== Work item ==
Write out exactly the lines below that run from the one containing "rewrite intrB intrN; lra." through the one containing "Proof. by move=> H; apply: H", both included, with no other lines.

Start of Material to process

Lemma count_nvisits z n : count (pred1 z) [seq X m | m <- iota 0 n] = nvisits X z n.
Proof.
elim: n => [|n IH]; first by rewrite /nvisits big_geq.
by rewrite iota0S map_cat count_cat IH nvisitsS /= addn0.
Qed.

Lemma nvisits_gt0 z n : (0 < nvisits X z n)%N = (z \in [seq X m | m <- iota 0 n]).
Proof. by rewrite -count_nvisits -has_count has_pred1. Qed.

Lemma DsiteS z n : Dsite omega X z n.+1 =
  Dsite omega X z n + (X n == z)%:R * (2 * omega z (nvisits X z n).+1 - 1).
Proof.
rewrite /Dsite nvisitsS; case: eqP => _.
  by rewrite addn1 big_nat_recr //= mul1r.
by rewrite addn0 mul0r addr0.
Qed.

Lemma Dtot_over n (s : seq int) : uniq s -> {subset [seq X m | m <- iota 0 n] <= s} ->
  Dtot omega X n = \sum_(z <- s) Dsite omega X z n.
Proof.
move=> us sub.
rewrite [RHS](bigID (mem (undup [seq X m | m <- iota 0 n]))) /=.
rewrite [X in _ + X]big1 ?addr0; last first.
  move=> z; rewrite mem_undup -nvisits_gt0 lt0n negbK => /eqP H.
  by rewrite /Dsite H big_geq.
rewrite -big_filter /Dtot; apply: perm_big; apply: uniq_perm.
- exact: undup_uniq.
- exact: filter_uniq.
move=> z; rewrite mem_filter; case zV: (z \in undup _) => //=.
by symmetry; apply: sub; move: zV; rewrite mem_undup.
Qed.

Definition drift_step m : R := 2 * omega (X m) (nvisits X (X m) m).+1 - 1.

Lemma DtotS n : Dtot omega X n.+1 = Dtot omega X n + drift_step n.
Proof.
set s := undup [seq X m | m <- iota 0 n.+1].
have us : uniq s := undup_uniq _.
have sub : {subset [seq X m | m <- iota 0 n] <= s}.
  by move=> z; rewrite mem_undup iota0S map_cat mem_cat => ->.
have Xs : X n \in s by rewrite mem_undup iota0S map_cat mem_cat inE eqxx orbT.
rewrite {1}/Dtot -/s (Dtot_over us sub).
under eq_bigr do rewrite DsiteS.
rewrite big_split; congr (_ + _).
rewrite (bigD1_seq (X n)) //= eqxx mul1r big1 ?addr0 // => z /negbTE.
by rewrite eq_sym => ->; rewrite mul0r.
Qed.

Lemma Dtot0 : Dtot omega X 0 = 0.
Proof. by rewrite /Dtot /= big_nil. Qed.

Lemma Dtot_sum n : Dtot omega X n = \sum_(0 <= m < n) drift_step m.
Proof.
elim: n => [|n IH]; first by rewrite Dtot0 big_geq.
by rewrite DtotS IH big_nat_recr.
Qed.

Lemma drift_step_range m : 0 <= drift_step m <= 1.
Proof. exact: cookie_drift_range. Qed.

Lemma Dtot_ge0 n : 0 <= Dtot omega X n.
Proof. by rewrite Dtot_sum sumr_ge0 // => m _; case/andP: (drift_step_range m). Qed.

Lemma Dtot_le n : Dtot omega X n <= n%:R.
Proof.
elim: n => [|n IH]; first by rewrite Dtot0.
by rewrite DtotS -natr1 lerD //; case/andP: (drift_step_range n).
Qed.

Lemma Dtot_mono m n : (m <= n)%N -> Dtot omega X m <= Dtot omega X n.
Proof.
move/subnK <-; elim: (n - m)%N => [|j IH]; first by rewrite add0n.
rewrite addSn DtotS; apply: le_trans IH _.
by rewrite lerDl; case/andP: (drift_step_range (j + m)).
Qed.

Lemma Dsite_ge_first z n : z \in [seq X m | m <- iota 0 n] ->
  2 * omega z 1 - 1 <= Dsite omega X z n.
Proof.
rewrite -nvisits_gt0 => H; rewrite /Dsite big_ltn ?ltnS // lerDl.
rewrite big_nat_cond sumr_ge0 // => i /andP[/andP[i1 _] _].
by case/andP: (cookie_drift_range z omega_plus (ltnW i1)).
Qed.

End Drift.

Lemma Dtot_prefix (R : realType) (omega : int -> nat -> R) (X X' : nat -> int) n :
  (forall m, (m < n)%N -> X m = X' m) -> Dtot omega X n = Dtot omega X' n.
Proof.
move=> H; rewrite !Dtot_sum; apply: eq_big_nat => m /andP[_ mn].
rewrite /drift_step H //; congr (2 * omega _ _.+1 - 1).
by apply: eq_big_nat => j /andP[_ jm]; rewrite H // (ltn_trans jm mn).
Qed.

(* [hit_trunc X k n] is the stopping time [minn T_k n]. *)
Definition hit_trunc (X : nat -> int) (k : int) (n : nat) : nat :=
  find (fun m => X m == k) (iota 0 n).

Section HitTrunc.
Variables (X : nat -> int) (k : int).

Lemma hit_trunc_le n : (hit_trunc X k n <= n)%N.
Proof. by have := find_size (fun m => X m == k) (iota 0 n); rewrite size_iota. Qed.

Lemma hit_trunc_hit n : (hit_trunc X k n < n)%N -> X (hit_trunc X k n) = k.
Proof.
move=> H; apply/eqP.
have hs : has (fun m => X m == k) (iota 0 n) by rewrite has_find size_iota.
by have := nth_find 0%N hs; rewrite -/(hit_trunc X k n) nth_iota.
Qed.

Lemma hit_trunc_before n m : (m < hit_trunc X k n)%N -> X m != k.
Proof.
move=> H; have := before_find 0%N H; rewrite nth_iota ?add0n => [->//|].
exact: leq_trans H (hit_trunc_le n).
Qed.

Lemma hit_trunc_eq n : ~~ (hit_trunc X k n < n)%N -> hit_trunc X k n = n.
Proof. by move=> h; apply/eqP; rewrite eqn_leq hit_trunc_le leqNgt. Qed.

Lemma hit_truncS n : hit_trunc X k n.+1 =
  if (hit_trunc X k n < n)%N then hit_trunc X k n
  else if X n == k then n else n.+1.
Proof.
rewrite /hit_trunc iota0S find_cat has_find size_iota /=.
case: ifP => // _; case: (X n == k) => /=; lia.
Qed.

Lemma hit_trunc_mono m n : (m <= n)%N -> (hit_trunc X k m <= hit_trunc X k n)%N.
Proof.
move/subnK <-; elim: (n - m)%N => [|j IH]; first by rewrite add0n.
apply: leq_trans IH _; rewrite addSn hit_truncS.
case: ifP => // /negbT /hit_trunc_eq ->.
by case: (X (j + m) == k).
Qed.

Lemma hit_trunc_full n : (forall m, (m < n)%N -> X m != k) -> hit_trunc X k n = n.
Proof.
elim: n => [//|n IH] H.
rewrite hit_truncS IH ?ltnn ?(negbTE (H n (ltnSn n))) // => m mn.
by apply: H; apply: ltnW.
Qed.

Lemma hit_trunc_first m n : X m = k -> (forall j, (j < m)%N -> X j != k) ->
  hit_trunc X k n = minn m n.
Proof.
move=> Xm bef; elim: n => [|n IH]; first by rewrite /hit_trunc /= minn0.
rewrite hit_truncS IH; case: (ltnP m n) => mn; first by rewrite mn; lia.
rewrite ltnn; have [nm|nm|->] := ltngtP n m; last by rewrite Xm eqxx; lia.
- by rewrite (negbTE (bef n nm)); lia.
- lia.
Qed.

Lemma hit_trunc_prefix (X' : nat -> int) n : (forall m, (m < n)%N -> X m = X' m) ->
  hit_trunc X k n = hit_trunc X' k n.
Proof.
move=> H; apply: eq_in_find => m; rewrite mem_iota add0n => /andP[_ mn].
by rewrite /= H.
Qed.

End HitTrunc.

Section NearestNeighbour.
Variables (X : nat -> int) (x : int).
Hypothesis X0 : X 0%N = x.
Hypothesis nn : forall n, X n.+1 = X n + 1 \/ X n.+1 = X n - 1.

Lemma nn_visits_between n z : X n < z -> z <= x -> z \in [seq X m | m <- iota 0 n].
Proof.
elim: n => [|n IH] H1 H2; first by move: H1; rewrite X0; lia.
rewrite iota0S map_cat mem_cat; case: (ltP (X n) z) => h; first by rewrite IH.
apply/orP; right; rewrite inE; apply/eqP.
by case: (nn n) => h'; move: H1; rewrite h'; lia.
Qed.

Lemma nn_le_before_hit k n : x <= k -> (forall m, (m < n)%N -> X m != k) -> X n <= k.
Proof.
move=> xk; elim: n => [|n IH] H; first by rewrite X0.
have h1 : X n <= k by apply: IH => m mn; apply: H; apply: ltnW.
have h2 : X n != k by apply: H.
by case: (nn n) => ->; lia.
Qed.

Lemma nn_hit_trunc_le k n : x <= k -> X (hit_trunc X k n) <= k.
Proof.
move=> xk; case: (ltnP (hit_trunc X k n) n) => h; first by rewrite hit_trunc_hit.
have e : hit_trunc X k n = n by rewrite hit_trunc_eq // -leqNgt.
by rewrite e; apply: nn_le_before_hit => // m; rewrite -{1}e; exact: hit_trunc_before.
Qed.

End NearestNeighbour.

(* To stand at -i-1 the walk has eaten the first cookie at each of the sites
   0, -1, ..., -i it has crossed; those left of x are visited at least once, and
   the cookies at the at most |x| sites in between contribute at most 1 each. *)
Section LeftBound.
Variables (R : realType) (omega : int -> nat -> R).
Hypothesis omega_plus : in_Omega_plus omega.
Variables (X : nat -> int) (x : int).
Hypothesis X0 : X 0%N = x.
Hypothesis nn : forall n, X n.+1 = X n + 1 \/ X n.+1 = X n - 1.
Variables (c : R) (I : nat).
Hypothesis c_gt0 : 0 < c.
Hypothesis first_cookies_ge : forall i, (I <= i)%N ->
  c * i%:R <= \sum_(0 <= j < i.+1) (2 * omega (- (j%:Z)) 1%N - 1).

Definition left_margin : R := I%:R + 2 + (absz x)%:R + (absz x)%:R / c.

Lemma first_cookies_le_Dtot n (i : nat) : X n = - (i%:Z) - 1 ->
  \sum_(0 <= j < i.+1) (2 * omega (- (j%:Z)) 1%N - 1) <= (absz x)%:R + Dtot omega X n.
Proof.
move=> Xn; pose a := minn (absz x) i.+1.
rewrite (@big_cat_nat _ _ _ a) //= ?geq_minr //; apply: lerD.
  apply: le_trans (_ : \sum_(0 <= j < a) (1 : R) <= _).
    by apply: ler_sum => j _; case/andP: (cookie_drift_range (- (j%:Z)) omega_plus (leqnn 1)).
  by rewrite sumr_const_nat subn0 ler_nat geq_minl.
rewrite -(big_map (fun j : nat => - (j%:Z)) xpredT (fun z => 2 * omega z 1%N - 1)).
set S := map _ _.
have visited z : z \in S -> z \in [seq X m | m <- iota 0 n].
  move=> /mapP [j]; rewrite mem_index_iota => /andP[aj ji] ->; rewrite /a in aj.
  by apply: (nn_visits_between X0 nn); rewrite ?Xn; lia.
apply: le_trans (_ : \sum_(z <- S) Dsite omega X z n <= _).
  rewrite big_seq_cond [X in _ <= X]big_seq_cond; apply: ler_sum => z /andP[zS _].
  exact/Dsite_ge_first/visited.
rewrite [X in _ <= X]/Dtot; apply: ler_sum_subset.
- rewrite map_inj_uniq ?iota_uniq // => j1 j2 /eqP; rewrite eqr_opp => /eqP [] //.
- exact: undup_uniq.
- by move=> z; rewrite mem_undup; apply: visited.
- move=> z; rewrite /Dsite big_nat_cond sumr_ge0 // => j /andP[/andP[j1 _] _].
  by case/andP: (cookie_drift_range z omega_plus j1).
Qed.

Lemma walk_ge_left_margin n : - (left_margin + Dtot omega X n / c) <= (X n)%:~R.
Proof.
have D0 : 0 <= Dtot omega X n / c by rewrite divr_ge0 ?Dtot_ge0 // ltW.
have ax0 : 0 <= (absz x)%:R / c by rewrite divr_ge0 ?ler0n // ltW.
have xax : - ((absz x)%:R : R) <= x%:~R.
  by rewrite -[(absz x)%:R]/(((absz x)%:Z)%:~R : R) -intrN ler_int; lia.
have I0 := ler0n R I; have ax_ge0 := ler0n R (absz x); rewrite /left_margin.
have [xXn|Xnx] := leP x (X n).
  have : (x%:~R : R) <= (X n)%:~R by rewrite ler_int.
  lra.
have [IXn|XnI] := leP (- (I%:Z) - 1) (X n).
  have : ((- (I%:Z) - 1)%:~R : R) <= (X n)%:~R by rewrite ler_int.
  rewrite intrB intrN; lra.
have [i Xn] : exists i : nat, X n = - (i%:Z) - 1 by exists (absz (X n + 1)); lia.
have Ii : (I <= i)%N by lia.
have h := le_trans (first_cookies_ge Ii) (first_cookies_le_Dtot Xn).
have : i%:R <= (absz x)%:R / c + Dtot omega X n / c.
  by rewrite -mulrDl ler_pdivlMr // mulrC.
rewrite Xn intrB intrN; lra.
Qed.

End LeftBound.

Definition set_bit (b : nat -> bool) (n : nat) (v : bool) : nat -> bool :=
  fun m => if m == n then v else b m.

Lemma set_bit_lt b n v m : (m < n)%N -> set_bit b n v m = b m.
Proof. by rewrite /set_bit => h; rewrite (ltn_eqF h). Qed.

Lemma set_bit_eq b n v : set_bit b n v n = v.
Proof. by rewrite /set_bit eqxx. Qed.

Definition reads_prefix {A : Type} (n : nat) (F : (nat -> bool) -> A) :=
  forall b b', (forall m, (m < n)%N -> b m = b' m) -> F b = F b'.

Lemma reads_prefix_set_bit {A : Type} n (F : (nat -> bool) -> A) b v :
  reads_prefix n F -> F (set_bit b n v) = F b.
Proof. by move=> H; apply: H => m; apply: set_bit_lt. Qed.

End of Material to process
Start of Material to process

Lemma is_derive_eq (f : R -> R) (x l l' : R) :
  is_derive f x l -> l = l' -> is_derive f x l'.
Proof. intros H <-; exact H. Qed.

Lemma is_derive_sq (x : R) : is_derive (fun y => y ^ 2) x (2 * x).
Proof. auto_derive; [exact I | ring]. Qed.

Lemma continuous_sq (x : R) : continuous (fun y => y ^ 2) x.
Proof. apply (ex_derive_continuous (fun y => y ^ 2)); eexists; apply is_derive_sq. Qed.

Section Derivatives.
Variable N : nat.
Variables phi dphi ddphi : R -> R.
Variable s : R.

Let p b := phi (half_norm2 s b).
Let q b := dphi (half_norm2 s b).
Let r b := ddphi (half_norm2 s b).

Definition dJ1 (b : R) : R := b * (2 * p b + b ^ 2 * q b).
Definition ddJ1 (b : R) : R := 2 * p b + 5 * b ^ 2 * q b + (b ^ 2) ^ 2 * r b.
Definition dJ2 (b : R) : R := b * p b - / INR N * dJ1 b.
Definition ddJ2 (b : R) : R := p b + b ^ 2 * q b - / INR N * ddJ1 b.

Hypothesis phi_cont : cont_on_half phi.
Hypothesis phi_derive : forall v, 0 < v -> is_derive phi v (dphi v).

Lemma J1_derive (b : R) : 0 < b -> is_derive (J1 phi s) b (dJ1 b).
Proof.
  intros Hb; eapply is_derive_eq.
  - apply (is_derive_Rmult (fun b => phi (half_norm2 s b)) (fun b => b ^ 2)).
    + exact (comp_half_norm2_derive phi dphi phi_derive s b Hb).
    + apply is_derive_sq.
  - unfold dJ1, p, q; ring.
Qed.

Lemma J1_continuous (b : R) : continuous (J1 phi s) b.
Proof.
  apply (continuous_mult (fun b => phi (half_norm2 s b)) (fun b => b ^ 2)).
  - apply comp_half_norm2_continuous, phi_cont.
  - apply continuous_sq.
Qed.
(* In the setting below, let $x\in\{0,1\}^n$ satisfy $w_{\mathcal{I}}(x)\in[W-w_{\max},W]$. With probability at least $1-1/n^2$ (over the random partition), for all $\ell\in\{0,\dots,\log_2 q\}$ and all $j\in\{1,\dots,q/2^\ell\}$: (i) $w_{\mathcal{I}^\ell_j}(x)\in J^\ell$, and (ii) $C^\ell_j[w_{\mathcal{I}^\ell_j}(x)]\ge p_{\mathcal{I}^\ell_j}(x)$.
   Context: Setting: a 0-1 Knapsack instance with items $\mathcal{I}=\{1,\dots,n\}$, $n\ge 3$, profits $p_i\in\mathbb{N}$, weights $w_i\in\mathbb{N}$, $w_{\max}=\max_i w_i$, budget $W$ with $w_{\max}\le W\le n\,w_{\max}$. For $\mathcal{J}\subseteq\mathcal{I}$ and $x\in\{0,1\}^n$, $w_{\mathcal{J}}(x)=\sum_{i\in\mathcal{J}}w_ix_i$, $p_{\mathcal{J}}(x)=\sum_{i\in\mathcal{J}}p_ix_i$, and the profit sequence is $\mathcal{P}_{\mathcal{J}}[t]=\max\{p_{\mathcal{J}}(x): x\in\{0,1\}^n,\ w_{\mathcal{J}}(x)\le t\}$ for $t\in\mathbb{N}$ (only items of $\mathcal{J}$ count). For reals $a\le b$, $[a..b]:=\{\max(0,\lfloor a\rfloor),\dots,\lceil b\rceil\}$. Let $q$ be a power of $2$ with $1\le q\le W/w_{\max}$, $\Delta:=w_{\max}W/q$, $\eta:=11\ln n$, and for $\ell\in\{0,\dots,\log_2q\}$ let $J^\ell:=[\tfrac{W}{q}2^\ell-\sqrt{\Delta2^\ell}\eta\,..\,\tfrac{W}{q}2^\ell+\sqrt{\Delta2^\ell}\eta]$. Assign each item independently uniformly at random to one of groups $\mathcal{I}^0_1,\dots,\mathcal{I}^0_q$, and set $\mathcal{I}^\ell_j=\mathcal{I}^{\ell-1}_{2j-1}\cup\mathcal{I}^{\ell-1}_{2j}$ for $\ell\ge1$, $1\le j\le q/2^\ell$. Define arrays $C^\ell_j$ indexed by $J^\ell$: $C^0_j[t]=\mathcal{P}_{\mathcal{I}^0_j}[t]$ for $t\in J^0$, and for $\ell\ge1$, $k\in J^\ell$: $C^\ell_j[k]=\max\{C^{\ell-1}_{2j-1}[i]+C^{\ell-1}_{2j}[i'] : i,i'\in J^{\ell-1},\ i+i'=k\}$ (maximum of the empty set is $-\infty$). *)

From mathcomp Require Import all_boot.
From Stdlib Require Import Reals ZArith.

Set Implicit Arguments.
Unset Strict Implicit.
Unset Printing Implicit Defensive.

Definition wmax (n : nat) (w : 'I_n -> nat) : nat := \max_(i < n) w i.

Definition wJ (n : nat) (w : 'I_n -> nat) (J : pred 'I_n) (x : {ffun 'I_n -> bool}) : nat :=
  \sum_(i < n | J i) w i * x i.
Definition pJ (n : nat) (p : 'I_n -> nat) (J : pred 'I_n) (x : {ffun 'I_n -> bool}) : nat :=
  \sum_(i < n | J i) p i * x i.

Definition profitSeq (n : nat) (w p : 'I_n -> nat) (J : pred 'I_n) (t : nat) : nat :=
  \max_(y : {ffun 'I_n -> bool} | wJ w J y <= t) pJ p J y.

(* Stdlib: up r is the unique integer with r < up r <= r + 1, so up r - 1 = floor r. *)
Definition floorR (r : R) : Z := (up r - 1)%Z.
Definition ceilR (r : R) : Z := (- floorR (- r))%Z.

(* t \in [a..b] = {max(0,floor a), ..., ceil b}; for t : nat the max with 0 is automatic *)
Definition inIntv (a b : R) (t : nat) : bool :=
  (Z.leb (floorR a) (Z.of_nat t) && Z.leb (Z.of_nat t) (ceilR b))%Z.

End of Material to process

== Solution to the problem ==
  rewrite intrB intrN; lra.
have [i Xn] : exists i : nat, X n = - (i%:Z) - 1 by exists (absz (X n + 1)); lia.
have Ii : (I <= i)%N by lia.
have h := le_trans (first_cookies_ge Ii) (first_cookies_le_Dtot Xn).
have : i%:R <= (absz x)%:R / c + Dtot omega X n / c.
  by rewrite -mulrDl ler_pdivlMr // mulrC.
rewrite Xn intrB intrN; lra.
Qed.

End LeftBound.

Definition set_bit (b : nat -> bool) (n : nat) (v : bool) : nat -> bool :=
  fun m => if m == n then v else b m.

Lemma set_bit_lt b n v m : (m < n)%N -> set_bit b n v m = b m.
Proof. by rewrite /set_bit => h; rewrite (ltn_eqF h). Qed.

Lemma set_bit_eq b n v : set_bit b n v n = v.
Proof. by rewrite /set_bit eqxx. Qed.

Definition reads_prefix {A : Type} (n : nat) (F : (nat -> bool) -> A) :=
  forall b b', (forall m, (m < n)%N -> b m = b' m) -> F b = F b'.

Lemma reads_prefix_set_bit {A : Type} n (F : (nat -> bool) -> A) b v :
  reads_prefix n F -> F (set_bit b n v) = F b.
Proof. by move=> H; apply: H => m; apply: set_bit_lt. Qed.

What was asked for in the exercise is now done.